Saturday 11 April 2009

The BBC Gets It Right

Football Focus this week “dedicated the show to the 96 victims of the Hillsborough disaster.” I must admit that my heart sank when Manish introduced the show thus. I expected that Football Focus would make an almighty mess of this. I did them a disservice.

They had produced a fifteen minute, Sue Johnstone-narrated documentary using a great deal of the original footage, and interviews of victims’ families and witnesses. It was pitch-perfect – factual, emotional without being self-indulgent, and truly affecting.

Even Motson did well. A witness to the unfolding tragedy, he pitched his account beautifully and, save a solitary catch in his voice, he didn’t resort to emotional cliché.

Alan Hansen then presented a touching retrospective where he interviewed former team-mates who, like him, were on the pitch as the disaster began; and who, like him, spent the next few weeks attending funerals, and the next twenty years trying to reconcile what they had seen.

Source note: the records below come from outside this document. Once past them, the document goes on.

Section Character.
Context {X : topologicalType} {K : numFieldType} (A : set (X -> K)).
Variables (S : set ((X -> K) -> K)) (phi : (X -> K) -> K).
Hypothesis hA : unital_subalgebra A.
Hypothesis hphi : continuous_character A S phi.

Lemma character_cst (a : K) : phi (fun _ => a) = a.
Proof.
case: hA => _ A1 _ _ _; case: hphi => _ phiZ _ phi1 _.
have -> : (fun _ : X => a) = (fun x => a * (fun _ => 1) x).
  by apply: funext => x; rewrite mulr1.
by rewrite phiZ // phi1 mulr1.
Qed.

Lemma character_sub f g : A f -> A g -> phi (fun x => f x - g x) = phi f - phi g.
Proof.
case: hA => _ _ _ AZ _; case: hphi => phiD phiZ _ _ _ Af Ag.
have -> : (fun x => f x - g x) = (fun x => f x + (fun x => -1 * g x) x).
  by apply: funext => x; rewrite mulN1r.
by rewrite phiD ?phiZ ?mulN1r //; apply: AZ.
Qed.

Lemma character_norm_tau_continuous :
  tau_continuous_seminorm A S (fun f => `|phi f|).
Proof.
case: hphi => phiD phiZ _ _ phib; split=> //; split=> //.
- by move=> f g Af Ag; rewrite phiD //; exact: ler_normD.
- by move=> a f Af; rewrite phiZ // normrM.
Qed.

Lemma character_kernel_has_zero k : full A -> A k -> phi k = 0 -> exists x, k x = 0.
Proof.
move=> hfull Ak phik0; apply: contrapT => /forallNP k_neq0.
have Akinv : A (fun x => (k x)^-1) by apply: hfull => // x; apply/eqP.
case: hphi => _ _ phiM phi1 _.
have : phi (fun _ => 1) = phi k * phi (fun x => (k x)^-1).
  by rewrite -phiM //; congr phi; apply: funext => x; rewrite mulfV //; apply/eqP.
by rewrite phi1 phik0 mul0r => /eqP; rewrite oner_eq0.
Qed.

End Character.

Section DeltaMap.
Context {X : topologicalType} {K : numFieldType}.
Variables (A : set (X -> K)) (S : set ((X -> K) -> K)).
Hypothesis S_seminorm : forall p, S p -> seminorm_on A p.
Hypothesis hinc : inclusion_continuous A S.

Lemma sum_seminorm_tau_continuous n (ps : 'I_n -> (X -> K) -> K) (C : K) :
  (forall i, S (ps i)) ->
  tau_continuous_seminorm A S (fun f => `|C| * \sum_(i < n) ps i f).
Proof.
move=> Sps; have ps_semi i := S_seminorm (Sps i).
split; last by exists n, ps, `|C|.
split.
- move=> f Af; rewrite mulr_ge0 // sumr_ge0 // => i _.
  by case: (ps_semi i) => + _ _; apply.
- move=> f g Af Ag; rewrite -mulrDr -big_split /= ler_wpM2l //.
  by apply: ler_sum => i _; case: (ps_semi i) => _ + _; apply.
- move=> a f Af; rewrite (eq_bigr (fun i => `|a| * ps i f)) => [|i _].
    by rewrite -mulr_sumr mulrCA.
  by case: (ps_semi i) => _ _ ->.
Qed.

We saw John Barnes walking solemnly behind a coffin, Barry Venison at the cathedral service; and we heard John Aldridge on the verge of tears as he related to Hansen the stories of incomprehensible grief.

Lawrenson was given very little to do, which was a good idea because, even in his funeral suit, the man’s capacity to say the wrong thing is simply not worth the risk.

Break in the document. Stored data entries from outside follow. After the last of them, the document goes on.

(* Let $M$ be an ordinal monoid with merge. For every $a\in M$ there exists an FO-approximant of $\pi$ from $a^{+}$ to $\mathrm{Cl}^{+}_{\sharp}(\{a\})$, where $a^{+}\subseteq M^{\mathrm{ord}}$ is the set of finite nonempty words all of whose letters are $a$.
   Context: Countable ordinal words over $\Sigma$: maps $w\colon\alpha\to\Sigma$, $\alpha$ a countable ordinal; $\Sigma^{\mathrm{ord}}$ their set. An ordinal monoid: set $M$ with $\pi\colon M^{\mathrm{ord}}\to M$, $\pi(x)=x$ on one-letter words, generalised associativity; $1=\pi(\varepsilon)$, $x\cdot y=\pi(xy)$, $x^\omega=\pi(xxx\cdots)$; ordered by $\le$ if $u\le v$ letterwise implies $\pi(u)\le\pi(v)$. $x^!$ idempotent power, $x^{!+k}$ eventual value of $x^{n!+k}$ in a finite semigroup. Ordinal monoid with merge: $(M,1,\le,\cdot,-^\omega,-^\sharp)$, $M$ finite, $(M,1,\le,\cdot,-^\omega)$ the presentation of an ordered finite ordinal monoid, $-^\sharp$ monotone with $a^{!+k}\le a^\sharp$, $(a^!)^\sharp=a^!$, $a^\sharp a^\sharp=(a^\sharp)^\sharp=a^\sharp$, $(ab)^\sharp=a(ba)^\sharp b$. $\mathrm{Cl}^{+}_{\sharp}(A)$ is the closure of $A$ under $\cdot$ and $-^\sharp$. FO logic over alphabet $M$ (atoms $x<y$, $a(x)$); FO-definable languages and maps (preimages FO-definable). For FO-definable $L\subseteq M^{\mathrm{ord}}$, an FO-approximant of $\pi$ over $L$ is an FO-definable $\rho\colon L\to M$ with $\pi(u)\le\rho(u)$ for all $u\in L$; it is ''from $L$ to $Y$'' if its values lie in $Y\subseteq M$. *)

From mathcomp Require Import all_boot.
From Stdlib Require Import Cantor.
Set Implicit Arguments.
Unset Strict Implicit.
Unset Printing Implicit Defensive.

BBC commentator Steve Wilson who, as a young Liverpool supporter, was in the ground that day, was given license to stray from the party line and criticise the authorities’ response on the day and in the intervening years. In a calm voice, he condemned the behaviour of South Yorkshire police on the day, and of the perceived closing ranks of the authorities since then.

The truth is that nobody has ever been brought to account for what happened that day and, in the era of blame culture, that is extraordinary.

In this blog, I am quick to criticise the BBC, their sports department in particular. What’s more, I have a contrary tendency when it comes to public displays of grief. However, I am happy to say that, on this occasion, the BBC got it just right.